Assigned task: The required output is every line from the beginning of the entries below through the line that includes "map_mx (fun r : R => r%:C%C) M.", copied exactly.

Recorded information:
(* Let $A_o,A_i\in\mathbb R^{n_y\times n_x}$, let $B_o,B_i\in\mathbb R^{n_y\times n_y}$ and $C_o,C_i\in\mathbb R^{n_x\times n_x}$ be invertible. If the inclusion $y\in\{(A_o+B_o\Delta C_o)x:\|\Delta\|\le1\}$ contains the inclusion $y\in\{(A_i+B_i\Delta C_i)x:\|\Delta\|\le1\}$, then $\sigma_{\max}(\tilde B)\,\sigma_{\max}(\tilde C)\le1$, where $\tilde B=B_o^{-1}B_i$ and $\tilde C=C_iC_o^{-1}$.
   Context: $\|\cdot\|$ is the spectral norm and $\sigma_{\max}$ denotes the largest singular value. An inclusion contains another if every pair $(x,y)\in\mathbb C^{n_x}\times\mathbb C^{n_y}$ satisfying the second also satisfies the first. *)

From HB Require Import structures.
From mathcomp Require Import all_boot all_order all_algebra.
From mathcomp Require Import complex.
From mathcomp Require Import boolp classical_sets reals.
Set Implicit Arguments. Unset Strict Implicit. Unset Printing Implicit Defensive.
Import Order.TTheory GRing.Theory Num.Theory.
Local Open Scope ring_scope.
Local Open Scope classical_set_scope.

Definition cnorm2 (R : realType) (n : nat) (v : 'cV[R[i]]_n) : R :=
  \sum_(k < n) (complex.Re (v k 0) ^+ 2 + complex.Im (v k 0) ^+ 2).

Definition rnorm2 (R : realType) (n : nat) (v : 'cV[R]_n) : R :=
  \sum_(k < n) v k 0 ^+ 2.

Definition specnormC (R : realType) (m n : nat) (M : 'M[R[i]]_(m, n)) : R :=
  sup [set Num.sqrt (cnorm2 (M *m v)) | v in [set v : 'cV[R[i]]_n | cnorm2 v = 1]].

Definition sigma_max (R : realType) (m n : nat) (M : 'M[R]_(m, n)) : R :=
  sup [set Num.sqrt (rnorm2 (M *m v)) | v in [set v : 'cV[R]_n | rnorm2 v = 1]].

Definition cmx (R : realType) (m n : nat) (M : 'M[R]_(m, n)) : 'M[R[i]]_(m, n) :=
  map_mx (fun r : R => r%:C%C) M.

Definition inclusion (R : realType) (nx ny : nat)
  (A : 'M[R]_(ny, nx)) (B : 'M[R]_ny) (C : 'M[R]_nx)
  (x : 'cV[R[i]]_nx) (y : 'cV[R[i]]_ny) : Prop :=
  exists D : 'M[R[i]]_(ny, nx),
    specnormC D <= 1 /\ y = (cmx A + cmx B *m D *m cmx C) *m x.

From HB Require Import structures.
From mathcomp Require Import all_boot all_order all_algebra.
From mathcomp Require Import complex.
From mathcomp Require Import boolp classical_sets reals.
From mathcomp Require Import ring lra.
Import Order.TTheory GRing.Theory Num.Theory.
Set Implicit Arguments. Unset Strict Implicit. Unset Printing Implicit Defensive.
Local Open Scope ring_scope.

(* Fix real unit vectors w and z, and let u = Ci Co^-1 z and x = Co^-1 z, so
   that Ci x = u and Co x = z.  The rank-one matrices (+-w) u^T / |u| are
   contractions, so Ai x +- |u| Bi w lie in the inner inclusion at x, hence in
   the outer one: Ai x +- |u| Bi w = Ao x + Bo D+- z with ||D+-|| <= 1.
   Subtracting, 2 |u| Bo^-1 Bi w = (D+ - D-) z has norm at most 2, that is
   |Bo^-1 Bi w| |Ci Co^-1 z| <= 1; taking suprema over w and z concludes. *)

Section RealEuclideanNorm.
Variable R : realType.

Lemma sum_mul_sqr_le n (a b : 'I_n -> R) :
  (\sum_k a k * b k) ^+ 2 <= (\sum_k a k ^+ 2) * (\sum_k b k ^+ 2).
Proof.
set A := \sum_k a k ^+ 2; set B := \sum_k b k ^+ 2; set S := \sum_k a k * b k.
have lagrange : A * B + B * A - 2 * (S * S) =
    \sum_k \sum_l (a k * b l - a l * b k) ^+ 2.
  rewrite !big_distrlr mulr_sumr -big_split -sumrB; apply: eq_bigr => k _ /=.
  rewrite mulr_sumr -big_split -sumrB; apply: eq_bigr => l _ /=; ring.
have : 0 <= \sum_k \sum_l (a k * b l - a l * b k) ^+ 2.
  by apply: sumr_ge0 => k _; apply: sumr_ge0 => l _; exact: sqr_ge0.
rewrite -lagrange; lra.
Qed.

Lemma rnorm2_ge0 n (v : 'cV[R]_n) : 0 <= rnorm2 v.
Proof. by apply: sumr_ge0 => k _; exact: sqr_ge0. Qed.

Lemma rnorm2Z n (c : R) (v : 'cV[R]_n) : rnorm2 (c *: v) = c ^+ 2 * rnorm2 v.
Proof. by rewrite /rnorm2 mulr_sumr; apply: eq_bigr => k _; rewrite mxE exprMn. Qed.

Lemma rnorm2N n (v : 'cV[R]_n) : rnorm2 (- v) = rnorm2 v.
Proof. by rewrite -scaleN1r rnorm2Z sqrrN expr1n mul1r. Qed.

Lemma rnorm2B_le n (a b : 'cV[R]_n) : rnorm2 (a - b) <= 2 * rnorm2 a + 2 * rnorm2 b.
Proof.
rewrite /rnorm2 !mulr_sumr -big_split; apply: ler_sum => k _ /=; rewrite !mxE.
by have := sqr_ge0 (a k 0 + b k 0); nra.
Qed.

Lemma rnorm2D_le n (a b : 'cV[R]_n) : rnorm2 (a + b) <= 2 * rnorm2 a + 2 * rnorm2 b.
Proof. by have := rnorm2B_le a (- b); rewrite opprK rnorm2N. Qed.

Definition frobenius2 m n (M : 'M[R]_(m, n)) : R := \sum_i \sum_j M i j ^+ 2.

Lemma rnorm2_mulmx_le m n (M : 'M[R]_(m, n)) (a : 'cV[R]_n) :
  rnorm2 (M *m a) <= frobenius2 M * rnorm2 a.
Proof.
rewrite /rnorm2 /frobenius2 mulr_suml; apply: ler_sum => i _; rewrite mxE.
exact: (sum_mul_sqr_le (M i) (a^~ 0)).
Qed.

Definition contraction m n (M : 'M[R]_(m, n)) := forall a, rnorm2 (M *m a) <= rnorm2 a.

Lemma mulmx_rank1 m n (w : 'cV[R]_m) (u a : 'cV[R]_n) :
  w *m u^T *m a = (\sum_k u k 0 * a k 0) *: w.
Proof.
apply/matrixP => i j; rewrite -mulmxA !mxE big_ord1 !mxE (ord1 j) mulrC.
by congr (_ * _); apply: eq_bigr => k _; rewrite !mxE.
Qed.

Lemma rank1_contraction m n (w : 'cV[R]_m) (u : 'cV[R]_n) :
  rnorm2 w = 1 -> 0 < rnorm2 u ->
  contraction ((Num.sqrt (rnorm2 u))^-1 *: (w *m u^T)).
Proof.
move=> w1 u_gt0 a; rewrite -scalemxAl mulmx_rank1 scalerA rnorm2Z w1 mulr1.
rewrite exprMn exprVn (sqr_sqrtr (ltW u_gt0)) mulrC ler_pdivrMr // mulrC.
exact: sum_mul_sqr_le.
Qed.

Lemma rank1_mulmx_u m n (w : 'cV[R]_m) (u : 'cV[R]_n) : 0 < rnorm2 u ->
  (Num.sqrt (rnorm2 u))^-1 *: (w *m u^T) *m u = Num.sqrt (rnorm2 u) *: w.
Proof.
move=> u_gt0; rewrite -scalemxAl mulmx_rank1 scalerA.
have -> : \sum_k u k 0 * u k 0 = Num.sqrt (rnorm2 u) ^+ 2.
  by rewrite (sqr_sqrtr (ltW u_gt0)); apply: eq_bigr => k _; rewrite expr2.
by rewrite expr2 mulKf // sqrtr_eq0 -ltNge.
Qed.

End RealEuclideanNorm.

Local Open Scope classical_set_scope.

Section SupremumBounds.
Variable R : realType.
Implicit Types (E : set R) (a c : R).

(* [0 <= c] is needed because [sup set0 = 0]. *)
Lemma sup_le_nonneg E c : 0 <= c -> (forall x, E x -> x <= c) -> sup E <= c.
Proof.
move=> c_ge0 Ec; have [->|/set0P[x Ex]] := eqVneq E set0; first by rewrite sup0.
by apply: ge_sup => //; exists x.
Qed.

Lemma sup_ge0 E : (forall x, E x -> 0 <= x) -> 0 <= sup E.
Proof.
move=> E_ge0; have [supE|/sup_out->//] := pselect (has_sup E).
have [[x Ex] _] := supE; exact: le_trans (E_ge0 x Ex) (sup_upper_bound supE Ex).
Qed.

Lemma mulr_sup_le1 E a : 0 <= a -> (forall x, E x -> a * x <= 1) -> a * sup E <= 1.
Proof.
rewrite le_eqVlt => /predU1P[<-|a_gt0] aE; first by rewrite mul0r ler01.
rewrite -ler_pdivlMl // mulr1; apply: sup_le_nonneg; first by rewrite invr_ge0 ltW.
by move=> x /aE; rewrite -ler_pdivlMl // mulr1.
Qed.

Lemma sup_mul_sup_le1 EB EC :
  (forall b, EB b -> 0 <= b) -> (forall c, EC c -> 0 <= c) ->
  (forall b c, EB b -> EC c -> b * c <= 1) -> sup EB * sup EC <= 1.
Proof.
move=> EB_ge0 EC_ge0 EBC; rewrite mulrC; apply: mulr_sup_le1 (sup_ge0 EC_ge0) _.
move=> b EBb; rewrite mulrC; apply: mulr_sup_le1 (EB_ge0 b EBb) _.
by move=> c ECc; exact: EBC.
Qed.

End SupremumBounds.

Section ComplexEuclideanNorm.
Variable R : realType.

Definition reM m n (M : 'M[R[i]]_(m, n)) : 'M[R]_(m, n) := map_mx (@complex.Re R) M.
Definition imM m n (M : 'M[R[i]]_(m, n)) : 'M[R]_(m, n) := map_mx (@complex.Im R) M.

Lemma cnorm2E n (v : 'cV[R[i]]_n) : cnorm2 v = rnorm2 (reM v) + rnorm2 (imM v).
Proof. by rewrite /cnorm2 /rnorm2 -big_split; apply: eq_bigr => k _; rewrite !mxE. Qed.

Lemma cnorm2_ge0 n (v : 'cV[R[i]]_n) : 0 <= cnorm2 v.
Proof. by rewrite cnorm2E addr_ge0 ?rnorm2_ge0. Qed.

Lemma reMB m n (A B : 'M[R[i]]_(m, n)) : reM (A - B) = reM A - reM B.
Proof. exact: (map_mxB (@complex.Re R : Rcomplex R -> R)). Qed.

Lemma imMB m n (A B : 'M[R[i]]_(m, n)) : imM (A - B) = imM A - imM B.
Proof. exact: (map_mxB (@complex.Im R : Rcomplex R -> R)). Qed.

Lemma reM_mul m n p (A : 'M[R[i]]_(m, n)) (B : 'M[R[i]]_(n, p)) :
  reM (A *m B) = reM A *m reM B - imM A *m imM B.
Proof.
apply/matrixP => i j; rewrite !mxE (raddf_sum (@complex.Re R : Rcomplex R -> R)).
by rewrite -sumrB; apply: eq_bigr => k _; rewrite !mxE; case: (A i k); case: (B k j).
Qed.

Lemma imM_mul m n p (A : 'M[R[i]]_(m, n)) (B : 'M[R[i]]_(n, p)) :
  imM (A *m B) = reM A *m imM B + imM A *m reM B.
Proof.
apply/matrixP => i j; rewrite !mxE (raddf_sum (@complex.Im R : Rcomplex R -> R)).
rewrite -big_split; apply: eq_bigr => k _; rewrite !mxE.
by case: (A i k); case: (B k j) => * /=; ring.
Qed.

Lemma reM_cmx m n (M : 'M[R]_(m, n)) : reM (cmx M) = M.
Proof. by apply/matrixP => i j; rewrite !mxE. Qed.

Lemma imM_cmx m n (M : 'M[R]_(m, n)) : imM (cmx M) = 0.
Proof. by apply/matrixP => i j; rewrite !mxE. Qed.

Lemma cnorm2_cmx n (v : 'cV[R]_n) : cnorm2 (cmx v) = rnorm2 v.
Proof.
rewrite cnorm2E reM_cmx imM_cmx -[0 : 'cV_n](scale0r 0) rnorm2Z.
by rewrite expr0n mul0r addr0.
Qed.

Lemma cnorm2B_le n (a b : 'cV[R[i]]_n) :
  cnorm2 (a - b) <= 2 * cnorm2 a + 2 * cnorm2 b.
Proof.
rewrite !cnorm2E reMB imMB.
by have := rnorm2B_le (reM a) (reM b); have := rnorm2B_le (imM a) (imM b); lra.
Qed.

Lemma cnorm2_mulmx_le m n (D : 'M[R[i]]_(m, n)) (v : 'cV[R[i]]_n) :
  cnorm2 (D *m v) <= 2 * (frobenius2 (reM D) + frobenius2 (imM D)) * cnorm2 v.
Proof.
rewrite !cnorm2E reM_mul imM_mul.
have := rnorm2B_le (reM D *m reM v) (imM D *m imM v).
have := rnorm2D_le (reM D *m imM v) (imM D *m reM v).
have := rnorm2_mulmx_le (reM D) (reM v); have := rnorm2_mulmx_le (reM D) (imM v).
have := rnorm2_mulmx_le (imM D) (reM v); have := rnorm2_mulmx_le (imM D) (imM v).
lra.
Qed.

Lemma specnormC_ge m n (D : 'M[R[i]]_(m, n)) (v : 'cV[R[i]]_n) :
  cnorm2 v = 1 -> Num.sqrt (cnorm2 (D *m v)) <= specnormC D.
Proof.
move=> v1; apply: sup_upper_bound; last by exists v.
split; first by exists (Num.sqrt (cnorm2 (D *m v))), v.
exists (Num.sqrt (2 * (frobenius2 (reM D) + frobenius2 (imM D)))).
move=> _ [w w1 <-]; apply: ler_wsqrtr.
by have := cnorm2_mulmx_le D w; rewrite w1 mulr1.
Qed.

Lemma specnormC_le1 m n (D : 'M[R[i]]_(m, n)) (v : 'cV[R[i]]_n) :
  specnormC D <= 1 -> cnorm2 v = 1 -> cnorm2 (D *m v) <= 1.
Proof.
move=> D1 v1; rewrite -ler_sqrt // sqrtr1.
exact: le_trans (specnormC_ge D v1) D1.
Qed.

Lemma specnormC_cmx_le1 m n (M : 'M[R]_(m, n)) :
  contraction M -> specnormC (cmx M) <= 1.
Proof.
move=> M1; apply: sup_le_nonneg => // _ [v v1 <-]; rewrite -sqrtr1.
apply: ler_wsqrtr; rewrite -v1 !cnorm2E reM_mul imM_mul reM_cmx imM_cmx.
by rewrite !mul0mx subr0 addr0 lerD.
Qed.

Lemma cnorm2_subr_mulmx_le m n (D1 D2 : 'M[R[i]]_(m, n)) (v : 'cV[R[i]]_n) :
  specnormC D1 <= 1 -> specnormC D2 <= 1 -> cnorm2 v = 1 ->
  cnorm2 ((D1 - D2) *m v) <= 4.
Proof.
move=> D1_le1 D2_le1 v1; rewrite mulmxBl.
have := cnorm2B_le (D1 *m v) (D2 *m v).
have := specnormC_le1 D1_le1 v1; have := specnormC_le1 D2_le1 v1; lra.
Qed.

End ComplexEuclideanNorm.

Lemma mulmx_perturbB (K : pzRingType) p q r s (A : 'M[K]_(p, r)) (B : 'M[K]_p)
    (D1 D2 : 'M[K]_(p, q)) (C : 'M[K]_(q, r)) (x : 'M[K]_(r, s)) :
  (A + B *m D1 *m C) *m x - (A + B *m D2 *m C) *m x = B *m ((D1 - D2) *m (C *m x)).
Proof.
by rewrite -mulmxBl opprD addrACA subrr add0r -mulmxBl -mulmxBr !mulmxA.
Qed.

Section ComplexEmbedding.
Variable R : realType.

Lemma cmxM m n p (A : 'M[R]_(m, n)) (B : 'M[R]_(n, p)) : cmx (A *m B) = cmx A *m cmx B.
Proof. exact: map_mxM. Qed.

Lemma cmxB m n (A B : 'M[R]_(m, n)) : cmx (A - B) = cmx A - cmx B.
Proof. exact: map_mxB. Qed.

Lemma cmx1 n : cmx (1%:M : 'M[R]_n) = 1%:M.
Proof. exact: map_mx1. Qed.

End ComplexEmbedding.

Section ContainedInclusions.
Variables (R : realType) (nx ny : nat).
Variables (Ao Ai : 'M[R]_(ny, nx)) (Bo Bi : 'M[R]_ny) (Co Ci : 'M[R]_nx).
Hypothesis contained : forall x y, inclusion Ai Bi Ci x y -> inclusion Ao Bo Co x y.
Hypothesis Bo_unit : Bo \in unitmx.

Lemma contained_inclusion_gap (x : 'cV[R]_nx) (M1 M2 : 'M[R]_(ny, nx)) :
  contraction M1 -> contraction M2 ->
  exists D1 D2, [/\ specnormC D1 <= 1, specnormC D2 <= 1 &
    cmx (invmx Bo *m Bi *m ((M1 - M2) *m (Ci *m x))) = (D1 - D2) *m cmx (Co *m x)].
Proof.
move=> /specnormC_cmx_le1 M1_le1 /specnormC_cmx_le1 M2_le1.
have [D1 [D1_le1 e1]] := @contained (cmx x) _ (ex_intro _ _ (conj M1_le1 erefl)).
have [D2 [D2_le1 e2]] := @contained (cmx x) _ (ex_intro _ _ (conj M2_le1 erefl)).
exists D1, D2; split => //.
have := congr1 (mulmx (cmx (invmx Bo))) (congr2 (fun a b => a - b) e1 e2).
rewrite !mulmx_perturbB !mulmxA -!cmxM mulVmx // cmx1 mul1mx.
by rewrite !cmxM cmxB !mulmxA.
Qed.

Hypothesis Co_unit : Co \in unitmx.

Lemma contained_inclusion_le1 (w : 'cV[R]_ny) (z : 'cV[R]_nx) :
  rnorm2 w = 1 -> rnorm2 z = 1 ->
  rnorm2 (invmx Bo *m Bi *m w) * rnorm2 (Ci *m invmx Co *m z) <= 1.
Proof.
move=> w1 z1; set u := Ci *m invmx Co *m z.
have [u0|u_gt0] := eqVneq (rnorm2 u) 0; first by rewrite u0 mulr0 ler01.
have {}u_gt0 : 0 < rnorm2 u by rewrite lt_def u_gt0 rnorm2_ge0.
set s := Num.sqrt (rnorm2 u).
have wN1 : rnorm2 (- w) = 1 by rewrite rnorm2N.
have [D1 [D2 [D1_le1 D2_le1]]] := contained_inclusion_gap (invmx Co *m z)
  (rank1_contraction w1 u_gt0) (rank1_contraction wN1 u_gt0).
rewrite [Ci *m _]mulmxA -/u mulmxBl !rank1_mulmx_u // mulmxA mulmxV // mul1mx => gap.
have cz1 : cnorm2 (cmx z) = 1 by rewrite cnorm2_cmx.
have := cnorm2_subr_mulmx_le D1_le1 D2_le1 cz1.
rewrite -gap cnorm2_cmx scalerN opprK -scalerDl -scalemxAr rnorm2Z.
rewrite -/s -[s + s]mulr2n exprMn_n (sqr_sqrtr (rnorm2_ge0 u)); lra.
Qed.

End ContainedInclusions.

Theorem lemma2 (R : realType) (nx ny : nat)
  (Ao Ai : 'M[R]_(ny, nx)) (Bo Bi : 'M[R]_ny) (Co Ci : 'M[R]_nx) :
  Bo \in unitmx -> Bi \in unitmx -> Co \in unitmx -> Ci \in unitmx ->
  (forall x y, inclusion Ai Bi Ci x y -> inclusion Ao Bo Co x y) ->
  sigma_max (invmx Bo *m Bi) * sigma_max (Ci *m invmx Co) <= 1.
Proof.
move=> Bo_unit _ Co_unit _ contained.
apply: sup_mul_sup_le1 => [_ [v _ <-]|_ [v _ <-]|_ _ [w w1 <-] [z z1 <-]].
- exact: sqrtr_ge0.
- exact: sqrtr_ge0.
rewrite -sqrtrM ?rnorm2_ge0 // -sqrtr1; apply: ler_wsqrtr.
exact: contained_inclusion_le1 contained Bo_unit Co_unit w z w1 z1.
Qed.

Exercise response:
(* Let $A_o,A_i\in\mathbb R^{n_y\times n_x}$, let $B_o,B_i\in\mathbb R^{n_y\times n_y}$ and $C_o,C_i\in\mathbb R^{n_x\times n_x}$ be invertible. If the inclusion $y\in\{(A_o+B_o\Delta C_o)x:\|\Delta\|\le1\}$ contains the inclusion $y\in\{(A_i+B_i\Delta C_i)x:\|\Delta\|\le1\}$, then $\sigma_{\max}(\tilde B)\,\sigma_{\max}(\tilde C)\le1$, where $\tilde B=B_o^{-1}B_i$ and $\tilde C=C_iC_o^{-1}$.
   Context: $\|\cdot\|$ is the spectral norm and $\sigma_{\max}$ denotes the largest singular value. An inclusion contains another if every pair $(x,y)\in\mathbb C^{n_x}\times\mathbb C^{n_y}$ satisfying the second also satisfies the first. *)

From HB Require Import structures.
From mathcomp Require Import all_boot all_order all_algebra.
From mathcomp Require Import complex.
From mathcomp Require Import boolp classical_sets reals.
Set Implicit Arguments. Unset Strict Implicit. Unset Printing Implicit Defensive.
Import Order.TTheory GRing.Theory Num.Theory.
Local Open Scope ring_scope.
Local Open Scope classical_set_scope.

Definition cnorm2 (R : realType) (n : nat) (v : 'cV[R[i]]_n) : R :=
  \sum_(k < n) (complex.Re (v k 0) ^+ 2 + complex.Im (v k 0) ^+ 2).

Definition rnorm2 (R : realType) (n : nat) (v : 'cV[R]_n) : R :=
  \sum_(k < n) v k 0 ^+ 2.

Definition specnormC (R : realType) (m n : nat) (M : 'M[R[i]]_(m, n)) : R :=
  sup [set Num.sqrt (cnorm2 (M *m v)) | v in [set v : 'cV[R[i]]_n | cnorm2 v = 1]].

Definition sigma_max (R : realType) (m n : nat) (M : 'M[R]_(m, n)) : R :=
  sup [set Num.sqrt (rnorm2 (M *m v)) | v in [set v : 'cV[R]_n | rnorm2 v = 1]].

Definition cmx (R : realType) (m n : nat) (M : 'M[R]_(m, n)) : 'M[R[i]]_(m, n) :=
  map_mx (fun r : R => r%:C%C) M.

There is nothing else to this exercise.